Background

Code42 CrashPlan is a backup service that promises unlimited backup for a fixed monthly fee. I have been using them since 2010 I think. It works, but performance has always been an issue – CPU usage was high, memory consumption was high, and upload speed was fairly abysmal. Support was referring me to this article and the following quote specifically:

Code42 app users can expect to back up about 10 GB of information per day on average if the user’s computer is powered on and not in standby mode.

I was getting my upload rate consistently capped at 132kB/sec which coincidentally translates to 10GB/day. At that point I concluded that perhaps they are throttling me, unsurprisingly, since nothing unlimited can be expected to be offered at a flat rate, there have to be limitations, and having that support article in front of me was convincing enough for me to conclude that this was by design.

This of course was unacceptable for my use cases so I have since migrated to another solution – duplicacy backup software coupled with third party cloud block storage provider as a destination and was fairly happy with the performance.

Recently however it was pointed to me that my upload issues with CrashPlan could have likely been caused not by Code42 bandwidth management on the server side but rather by local backup engine chocking when trying to deduplicate massive amount of data. Massive in this case was still under 1TB, but apparently that was sufficient for the java based backup engine to peg Atom C3000 processor.

Solution

I have attempted to do the following unsuccessfully:

  • Disable compression on each backup set.
  • Set an upper limit on the file size that is subject to deduplication
  • Set deduplication mode to AUTOMATIC or MINIMAL

I eventually found that the only way to drop CPU usage and fix the upload rate was to disable deduplication altogether:

sed -i "s/<dataDeDupAutoMaxFileSizeForWan>[0-9]*<\/dataDeDupAutoMaxFileSizeForWan>/<dataDeDupAutoMaxFileSizeForWan>1<\/dataDeDupAutoMaxFileSizeForWan>/g" my.service.xml

The dataDeDupAutoMaxFileSizeForWan filters files subject to deduplication when backing up to WAN destinations by maximum size. The default value of 0 means “no limit”. Changing this value to the smallest positive size (1 byte) effectively disables deduplication.

You would need to stop CrashPlan engine, update the xml config file, and then start the engine; otherwise your changes won’t persist as CrashPlan writes out the configuration on shutdown.

Caveats

Code42 warns about potential implication of disabling deduplication in this article here. Depending on the type of data it may be counterproductive to do so – for example, for large files only portions of which change frequently, such as VM images, the savings of time due to reduced upload size could more than offset performance loss due to deduplication. The impact and benefits of this change should be evaluated and measured for specific backup set before committing.

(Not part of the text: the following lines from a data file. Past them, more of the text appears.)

(* For any $\mu>-1$ and $0<x<2\pi$ the following identities (with $x$-independent right-hand sides) hold: \[ \Im\big(e^{ix\mu}L(x,\mu)\big)+\int_0^{x}\frac{\sin(\mu+\frac{1}{2})y}{2\sin \frac{y}{2}}\,dy=\frac{\pi}{2} \] and \[ \Re\big(e^{ix\mu}L(x,\mu)\big)-\int_x^\pi\frac{\cos(\mu+\frac{1}{2})y\,dy}{2\sin\frac{y}{2}} =\Re\big(e^{i\pi\mu}T(\pi,\mu)\big)=-\mathrm{S}_{\pi/2}(2\mu+1)\,\cos\pi\mu . \]
   Context: $L(x,\mu)=\sum_{k=1}^\infty \frac{e^{ikx}}{k+\mu}$, with real part the cosine FJ sum $T(x,\mu)=\sum_{k=1}^\infty\frac{\cos kx}{k+\mu}$. The special value $\mathrm{S}_{\pi/2}(\lambda)=2\sum_{k=1}^\infty \frac{(-1)^{k-1}}{2k-1+\lambda}=-T\left(\pi,\frac{\lambda-1}{2}\right)$ (equivalently the imaginary part of $2\sum_{k\ge1}\frac{e^{(2k-1)i\pi/2}}{2k-1+\lambda}$). *)

From Stdlib Require Import Reals.
From Coquelicot Require Export Coquelicot.
Open Scope R_scope.

Definition cis (t : R) : C := (cos t, sin t).

(* T(x,mu) = sum_{k>=1} cos(kx)/(k+mu)  (index shifted: k = n+1) *)
Definition T (x mu : R) : R :=
  Series (fun n : nat => cos (INR (S n) * x) / (INR (S n) + mu)).

Definition Tsin (x mu : R) : R :=
  Series (fun n : nat => sin (INR (S n) * x) / (INR (S n) + mu)).

(* L(x,mu) = sum_{k>=1} e^{ikx}/(k+mu), computed componentwise *)
Definition L (x mu : R) : C := (T x mu, Tsin x mu).

Definition S_pi2 (lam : R) : R :=
  2 * Series (fun n : nat => (-1) ^ n / (2 * INR (S n) - 1 + lam)).

From Stdlib Require Import Reals Lra.
From Coquelicot Require Import Coquelicot.
Open Scope R_scope.

(* Put c_n = n + 1 + mu.  Integrating termwise and telescoping, the partial sums of
   sum sin (c_n x) / c_n and of sum (cos (c_n x) - cos (c_n pi)) / c_n become integrals
   of sin (c_N + 1/2) y and cos (c_N + 1/2) y against 1 / (2 sin (y/2)), minus the same
   integrals at frequency mu + 1/2.  By the Riemann-Lebesgue lemma the high-frequency
   integrals tend to 0, except for the Dirichlet integral over [0, pi], which is pi/2.
   At x = pi the cosine series is cos (pi mu) times the alternating series T (pi, mu).
   Finally e^{i x mu} L (x, mu) = sum e^{i c_n x} / c_n has exactly these two series as
   real and imaginary parts. *)

Lemma continuous_Rmult (f g : R -> R) y :
  continuous f y -> continuous g y -> continuous (fun y => f y * g y) y.
Proof. apply (continuous_mult f g). Qed.

Lemma ex_derive_continuous_R (f : R -> R) y : ex_derive f y -> continuous f y.
Proof. apply (ex_derive_continuous (V := R_NormedModule)). Qed.

Lemma ex_RInt_continuous_R (f : R -> R) a b :
  (forall y, Rmin a b <= y <= Rmax a b -> continuous f y) -> ex_RInt f a b.
Proof. apply (ex_RInt_continuous (V := R_CompleteNormedModule)). Qed.

Lemma Rabs_mul_sin_le u z B : Rabs u <= B -> Rabs (u * sin z) <= B.
Proof.
  intros Hu. rewrite Rabs_mult.
  assert (Rabs (sin z) <= 1) by (apply Rabs_le, SIN_bound).
  assert (0 <= Rabs u) by apply Rabs_pos.
  assert (0 <= Rabs (sin z)) by apply Rabs_pos.
  nra.
Qed.

Section RiemannLebesgue.

Variables (g : R -> R) (a b c : R).
Hypothesis hg : forall y, a <= y <= b -> continuous g y.

Lemma ex_RInt_shifted_osc s w u v : u <= v -> a <= u + s -> v + s <= b ->
  ex_RInt (fun y => g (y + s) * sin (w * y + c)) u v.
Proof.
  intros Huv Hu Hv. apply ex_RInt_continuous_R.
  rewrite Rmin_left, Rmax_right by lra. intros y Hy.
  apply continuous_Rmult.
  - apply (continuous_comp (fun y => y + s) g).
    + apply ex_derive_continuous_R. auto_derive. easy.
    + apply hg. lra.
  - apply ex_derive_continuous_R. auto_derive. easy.
Qed.

Lemma ex_RInt_osc w u v : u <= v -> a <= u -> v <= b ->
  ex_RInt (fun y => g y * sin (w * y + c)) u v.
Proof.
  intros Huv Hu Hv.
  apply (ex_RInt_ext (fun y => g (y + 0) * sin (w * y + c))).
  - intros y _. now rewrite Rplus_0_r.
  - apply ex_RInt_shifted_osc; lra.
Qed.

Lemma RInt_osc_half_period_shift w : a <= b -> 0 < w ->
  RInt (fun y => g y * sin (w * y + c)) a b
  = - RInt (fun y => g (y + PI / w) * sin (w * y + c)) (a - PI / w) (b - PI / w).
Proof.
  intros Hab Hw. set (h := PI / w).
  assert (E := RInt_comp_lin (fun y => g y * sin (w * y + c)) 1 h (a - h) (b - h)).
  replace (1 * (a - h) + h) with a in E by ring.
  replace (1 * (b - h) + h) with b in E by ring.
  rewrite <- E by (apply ex_RInt_osc; lra).
  change (- ?r) with (opp r).
  rewrite <- (RInt_opp (V := R_CompleteNormedModule))
    by (apply ex_RInt_shifted_osc; lra).
  apply RInt_ext. intros y _.
  replace (w * (1 * y + h) + c) with (w * y + c + PI) by (unfold h; field; lra).
  replace (1 * y + h) with (y + h) by ring.
  unfold scal, opp; simpl. unfold mult; simpl.
  rewrite Rmult_1_l, neg_sin. symmetry. apply Ropp_mult_distr_r.
Qed.

(* Averaging the integral with its half-period translate leaves only the increment
   of [g] over [PI / w] and two end pieces of length [PI / w]. *)
Lemma twice_RInt_osc w : 0 < w -> PI / w <= b - a ->
  2 * RInt (fun y => g y * sin (w * y + c)) a b
  = RInt (fun y => (g y - g (y + PI / w)) * sin (w * y + c)) a (b - PI / w)
    + RInt (fun y => g y * sin (w * y + c)) (b - PI / w) b
    - RInt (fun y => g (y + PI / w) * sin (w * y + c)) (a - PI / w) a.
Proof.
  intros Hw Hlong.
  assert (Hh : 0 < PI / w) by (apply Rdiv_lt_0_compat; [apply PI_RGT_0 | exact Hw]).
  assert (Hshift := RInt_osc_half_period_shift w ltac:(lra) Hw).
  set (h := PI / w) in *.
  set (f1 := fun y => g y * sin (w * y + c)) in *.
  set (f2 := fun y => g (y + h) * sin (w * y + c)) in *.
  assert (Hhead : RInt f1 a b = RInt f1 a (b - h) + RInt f1 (b - h) b).
  { symmetry. apply (RInt_Chasles (V := R_CompleteNormedModule));
      apply ex_RInt_osc; lra. }
  assert (Htail : RInt f2 (a - h) (b - h) = RInt f2 (a - h) a + RInt f2 a (b - h)).
  { symmetry. apply (RInt_Chasles (V := R_CompleteNormedModule));
      apply ex_RInt_shifted_osc; lra. }
  assert (Hdiff : RInt f1 a (b - h) - RInt f2 a (b - h)
                  = RInt (fun y => (g y - g (y + h)) * sin (w * y + c)) a (b - h)).
  { rewrite <- (RInt_minus (V := R_CompleteNormedModule)).
    - apply RInt_ext. intros y _. unfold f1, f2, minus, plus, opp; simpl. ring.
    - apply ex_RInt_osc; lra.
    - apply ex_RInt_shifted_osc; lra. }
  lra.
Qed.

Lemma abs_RInt_osc_le w B d : a <= b -> 0 < w ->
  (forall y, a <= y <= b -> Rabs (g y) <= B) ->
  (forall s t, a <= s <= b -> a <= t <= b -> Rabs (s - t) <= PI / w ->
     Rabs (g s - g t) <= d) ->
  Rabs (RInt (fun y => g y * sin (w * y + c)) a b) <= (b - a) * d / 2 + PI / w * B.
Proof.
  intros Hab Hw HB Hd.
  assert (Hh : 0 < PI / w) by (apply Rdiv_lt_0_compat; [apply PI_RGT_0 | exact Hw]).
  assert (Hd0 : 0 <= d).
  { apply (Rle_trans _ (Rabs (g a - g a))); [apply Rabs_pos | apply Hd; try lra].
    rewrite Rminus_diag, Rabs_R0. lra. }
  assert (HB0 : 0 <= B) by (apply (Rle_trans _ (Rabs (g a))); [apply Rabs_pos | apply HB; lra]).
  destruct (Rle_lt_dec (b - a) (PI / w)) as [Hshort | Hlong].
  { assert (Rabs (RInt (fun y => g y * sin (w * y + c)) a b) <= (b - a) * B).
    { apply abs_RInt_le_const; [lra | apply ex_RInt_osc; lra |].
      intros t Ht. apply Rabs_mul_sin_le, HB; lra. }
    assert (0 <= (b - a) * d) by nra.
    nra. }
  assert (Htwice := twice_RInt_osc w Hw ltac:(lra)).
  set (h := PI / w) in *.
  assert (Bdiff : Rabs (RInt (fun y => (g y - g (y + h)) * sin (w * y + c)) a (b - h))
                  <= (b - h - a) * d).
  { apply abs_RInt_le_const; [lra | |].
    - apply (ex_RInt_ext (fun y => g y * sin (w * y + c) - g (y + h) * sin (w * y + c))).
      { intros y _. simpl. ring. }
      apply (ex_RInt_minus (V := R_NormedModule)).
      + apply ex_RInt_osc; lra.
      + apply ex_RInt_shifted_osc; lra.
    - intros t Ht. apply Rabs_mul_sin_le, Hd; try lra.
      rewrite Rabs_left; lra. }
  assert (B1 : Rabs (RInt (fun y => g y * sin (w * y + c)) (b - h) b) <= h * B).
  { replace h with (b - (b - h)) at 2 by ring.
    apply abs_RInt_le_const; [lra | apply ex_RInt_osc; lra |].
    intros t Ht. apply Rabs_mul_sin_le, HB; lra. }
  assert (B2 : Rabs (RInt (fun y => g (y + h) * sin (w * y + c)) (a - h) a) <= h * B).
  { replace h with (a - (a - h)) at 2 by ring.
    apply abs_RInt_le_const; [lra | apply ex_RInt_shifted_osc; lra |].
    intros t Ht. apply Rabs_mul_sin_le, HB; lra. }
  assert (0 <= h * d) by (apply Rmult_le_pos; lra).
  apply Rabs_le_between in Bdiff, B1, B2. apply Rabs_le_between.
  lra.
Qed.

Lemma Riemann_Lebesgue : a <= b ->
  is_lim (fun w => RInt (fun y => g y * sin (w * y + c)) a b) p_infty 0.
Proof.
  intros Hab. apply is_lim_spec. intros eps.
  assert (HPI := PI_RGT_0). assert (Heps := cond_pos eps).
  assert (Hpt : forall y, a <= y <= b -> continuity_pt g y).
  { intros y Hy. apply continuity_pt_filterlim, hg, Hy. }
  destruct (continuity_ab_maj (fun y => Rabs (g y)) a b Hab) as [m [Hm _]].
  { intros y Hy. apply continuity_pt_filterlim.
    apply (continuous_comp g Rabs); [apply hg, Hy |].
    apply continuity_pt_filterlim, Rcontinuity_abs. }
  set (B := Rabs (g m)) in Hm.
  assert (HB0 : 0 <= B) by apply Rabs_pos.
  assert (Hd : 0 < eps / (b - a + 1)) by (apply Rdiv_lt_0_compat; lra).
  destruct (Heine g (fun y => a <= y <= b) (compact_P3 a b) Hpt (mkposreal _ Hd))
    as [delta Hdelta].
  assert (Hdelta0 := cond_pos delta).
  exists (PI / delta + 2 * PI * B / eps). intros w Hw.
  assert (0 <= PI / delta) by (apply Rlt_le, Rdiv_lt_0_compat; lra).
  assert (0 <= 2 * PI * B / eps)
    by (apply Rmult_le_pos; [nra | apply Rlt_le, Rinv_0_lt_compat; lra]).
  assert (Hw0 : 0 < w) by lra.
  assert (Hh : PI / w < delta).
  { apply (Rmult_lt_reg_r w); [lra |].
    replace (PI / w * w) with PI by (field; lra).
    replace PI with (PI / delta * delta) at 1 by (field; lra). nra. }
  assert (HhB : PI / w * B <= eps / 2).
  { apply (Rmult_le_reg_r w); [lra |].
    replace (PI / w * B * w) with (PI * B) by (field; lra).
    replace (PI * B) with (2 * PI * B / eps * (eps / 2)) by (field; lra). nra. }
  assert (Hosc := abs_RInt_osc_le w B (eps / (b - a + 1)) Hab Hw0 Hm).
  rewrite Rminus_0_r. eapply Rle_lt_trans.
  { apply Hosc. intros s t Hs Ht Hst. apply Rlt_le, Hdelta; auto. lra. }
  assert ((b - a) * (eps / (b - a + 1)) < eps).
  { assert (eps / (b - a + 1) * (b - a + 1) = eps) by (field; lra). nra. }
  lra.
Qed.

End RiemannLebesgue.

Lemma Riemann_Lebesgue_seq (g : R -> R) (a b c : R) (w : nat -> R) :
  (forall y, Rmin a b <= y <= Rmax a b -> continuous g y) ->
  is_lim_seq w p_infty ->
  is_lim_seq (fun N => RInt (fun y => g y * sin (w N * y + c)) a b) 0.
Proof.
  intros Hg Hw.
  destruct (Rle_dec a b) as [Hab | Hba].
  - rewrite Rmin_left, Rmax_right in Hg by exact Hab.
    exact (filterlim_comp _ _ _ w _ _ _ _ Hw (Riemann_Lebesgue g a b c Hg Hab)).
  - rewrite Rmin_right, Rmax_left in Hg by lra.
    assert (L := filterlim_comp _ _ _ w _ _ _ _ Hw (Riemann_Lebesgue g b a c Hg ltac:(lra))).
    apply is_lim_seq_opp in L. simpl in L. rewrite Ropp_0 in L.
    refine (is_lim_seq_ext _ _ _ _ L). intros N.
    apply (opp_RInt_swap (V := R_CompleteNormedModule)).
    apply (ex_RInt_osc g b a c Hg); lra.
Qed.

Lemma Riemann_Lebesgue_sin (g : R -> R) (a b : R) (w : nat -> R) :
  (forall y, Rmin a b <= y <= Rmax a b -> continuous g y) ->
  is_lim_seq w p_infty ->
  is_lim_seq (fun N => RInt (fun y => g y * sin (w N * y)) a b) 0.
Proof.
  intros Hg Hw. refine (is_lim_seq_ext _ _ _ _ (Riemann_Lebesgue_seq g a b 0 w Hg Hw)).
  intros N. apply RInt_ext. intros y _. now rewrite Rplus_0_r.
Qed.

Lemma Riemann_Lebesgue_cos (g : R -> R) (a b : R) (w : nat -> R) :
  (forall y, Rmin a b <= y <= Rmax a b -> continuous g y) ->
  is_lim_seq w p_infty ->
  is_lim_seq (fun N => RInt (fun y => g y * cos (w N * y)) a b) 0.
Proof.
  intros Hg Hw.
  refine (is_lim_seq_ext _ _ _ _ (Riemann_Lebesgue_seq g a b (PI / 2) w Hg Hw)).
  intros N. apply RInt_ext. intros y _.
  rewrite sin_plus, sin_PI2, cos_PI2. simpl. ring.
Qed.

Lemma is_lim_seq_INR_S_plus beta : is_lim_seq (fun N => INR (S N) + beta) p_infty.
Proof.
  apply (is_lim_seq_plus _ _ p_infty beta p_infty); [| apply is_lim_seq_const | easy].
  apply (is_lim_seq_incr_1 INR p_infty), is_lim_seq_INR.
Qed.

Definition sinc (y : R) : R := if Req_EM_T y 0 then 1 else sin y / y.

Lemma sinc_neq0 y : y <> 0 -> sinc y = sin y / y.
Proof. intros Hy. unfold sinc. destruct (Req_EM_T y 0); [contradiction | reflexivity]. Qed.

For most home users however (who mostly backup photos. videos, and other media; in other words data that due to its nature is unique and incompressible) deduplication provides no benefits and can be safely disabled yielding net gain in backup performance. These users may also benefit from disabling compression selectively (or even altogether) for some or all backup sets, however I haven’t noticed any significant impact of this change on my own dataset.

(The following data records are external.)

Lemma gamma_contains x s : is_perm s -> contains (gamma x) s ->
  exists2 y, is_cay y & gamma y = s /\ contains x y.
Proof.
move=> ps [J [sz_J srt_J all_J iso]].
have memS j : (j \in s) = (0 < j <= size s) by rewrite (perm_mem ps) mem_iota add1n ltnS.
have J_lt t : t < size s -> nth 0 J t < size x.
  by move=> lt_t; rewrite -(size_gamma x); apply/(allP all_J)/mem_nth; rewrite sz_J.
pose P t := (nth 0 (gamma x) (nth 0 J t)).-1.
have PP t : t < size s -> [/\ 0 < nth 0 (gamma x) (nth 0 J t), P t < size x &
                            rank x (P t) = nth 0 J t].
  by move=> lt_t; apply/rank_nth_gamma/J_lt.
pose tinv a := index a.+1 s.
have tinvP a : a < size s -> tinv a < size s /\ nth 0 s (tinv a) = a.+1.
  by move=> lt_a; rewrite index_mem nth_index memS.
pose I := mkseq (P \o tinv) (size s).
have sz_I : size I = size s by rewrite size_mkseq.
have srt_I : sorted ltn I.
  apply: sorted_ltn_mkseq => a lt_a /=.
  have [[lt1 s1] [lt2 s2]] := (tinvP a (ltnW lt_a), tinvP a.+1 lt_a).
  have [pos1 _ _] := PP _ lt1; have [pos2 _ _] := PP _ lt2.
  have [iso_lt _] := iso _ _ lt1 lt2; rewrite s1 s2 ltnSn in iso_lt.
  by rewrite /P -ltnS !prednK.
have all_I : all (fun i => i < size x) I.
  apply/allP => i /mapP[a]; rewrite mem_iota => /andP[_ lt_a] ->.
  by have [lt _] := tinvP a lt_a; have [] := PP _ lt.
exists (std (map (nth 0 x) I)); first exact: std_cay.
split; last by exists I; apply: occurs_at_std.
have sz_y : size (std (map (nth 0 x) I)) = size s by rewrite /std !size_map ?size_iota.
apply: gamma_rankE; rewrite sz_y // => a lt_a.
have [lt_ta s_ta] := tinvP a lt_a; rewrite rank_std ?sz_I // -[in RHS]s_ta.
congr nth; rewrite -[in RHS](count_index_lt ps (ltnW lt_ta)).
apply: eq_in_count => b; rewrite mem_iota => /andP[_ lt_b] /=.
have [lt_tb _] := tinvP b lt_b; have [_ _ rk_a] := PP _ lt_ta; have [_ _ rk_b] := PP _ lt_tb.
by rewrite !nth_mkseq //= rk_a rk_b ltn_sorted_nth ?sz_J.
Qed.

Lemma avoid_inv_classesE (Omega : seq nat -> Prop) x :
  (forall s, Omega s -> is_perm s) ->
  (forall y, inv_classes Omega y -> avoids x y) <->
  (forall s, Omega s -> avoids (gamma x) s).
Proof.
move=> perm_Omega; split=> [avoid_x s Os gx_s | avoid_gx y [cay_y [s [Os gy]]] x_y].
  have [y cay_y [gy x_y]] := gamma_contains (perm_Omega s Os) gx_s.
  by apply: (avoid_x y) x_y; split=> //; exists s; rewrite gy gamma_perm_inv ?perm_Omega.
apply: (avoid_gx s Os); rewrite -(gamma_perm_inv (perm_Omega s Os)) -gy.
exact: contains_gamma.
Qed.

Definition first_occ (x : seq nat) (j : nat) : bool := nth 0 x j \notin take j x.
(* Consider the discrete all-pay auction in the model with ties with $n\in\{2,3\}$ bidders whose values are drawn independently and uniformly from $X=\{0,1,\dots,x\}$, $x\ge10$. Let $\beta$ be a symmetric equilibrium bidding function. Then $\beta(x-1)\le\beta(x-2)+1$ and $\beta(x)\le\beta(x-1)+1$.
   Context: Model. There are $n$ risk-neutral bidders competing for one indivisible object. Values and bids lie in $X=\{0,1,2,\dots,x\}$. Each bidder privately learns a value drawn independently and uniformly from $X$. Each bidder submits a bid in $X$. A (pure) strategy is a bidding function $\beta:X\to X$. In the model with ties, if $m$ bidders submit the highest bid, each of them wins with probability $1/m$. In the all-pay auction, a bidder with value $v_i$ bidding $b_i$ gets expected payoff $v_i\Pr(i\text{ wins})-b_i$ (everyone pays their bid). An equilibrium is a profile of bidding functions such that each bidder's bidding function maximises their expected payoff given the others' bidding functions (a pure-strategy Bayes–Nash equilibrium) and such that no bidder uses a weakly dominated bidding function (a bidding function is weakly dominated if some other bidding function yields at least as high expected payoff against every profile of opponents' bidding functions, and strictly higher against some). A symmetric equilibrium is an equilibrium in which all bidders use the same bidding function. *)

From mathcomp Require Import all_boot all_order all_algebra.
Set Implicit Arguments. Unset Strict Implicit. Unset Printing Implicit Defensive.
Import Order.TTheory GRing.Theory Num.Theory.
Local Open Scope ring_scope.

sed -i "s/<compression>ON<\/compression>/<compression>AUTOMATIC<\/compression>/g" my.service.xml

Final words

Code42 should seriously consider substantially overhauling their backup client software as this sort of performance is not acceptable. The impact of this will only become worse as the backup set grows over time. It does however provide them with a “natural” throttling mechanism, so I can see why they would be hesitant to optimize the performance. I’m just speculating here, but apparently the cost of additional bandwidth consumed by the few users that bother to disable deduplication is more than offset by savings on storage utilization due to effective rate limiting all other customers, punishing the users proportionally to the amount of data they have. It’s pretty slick if you think about it.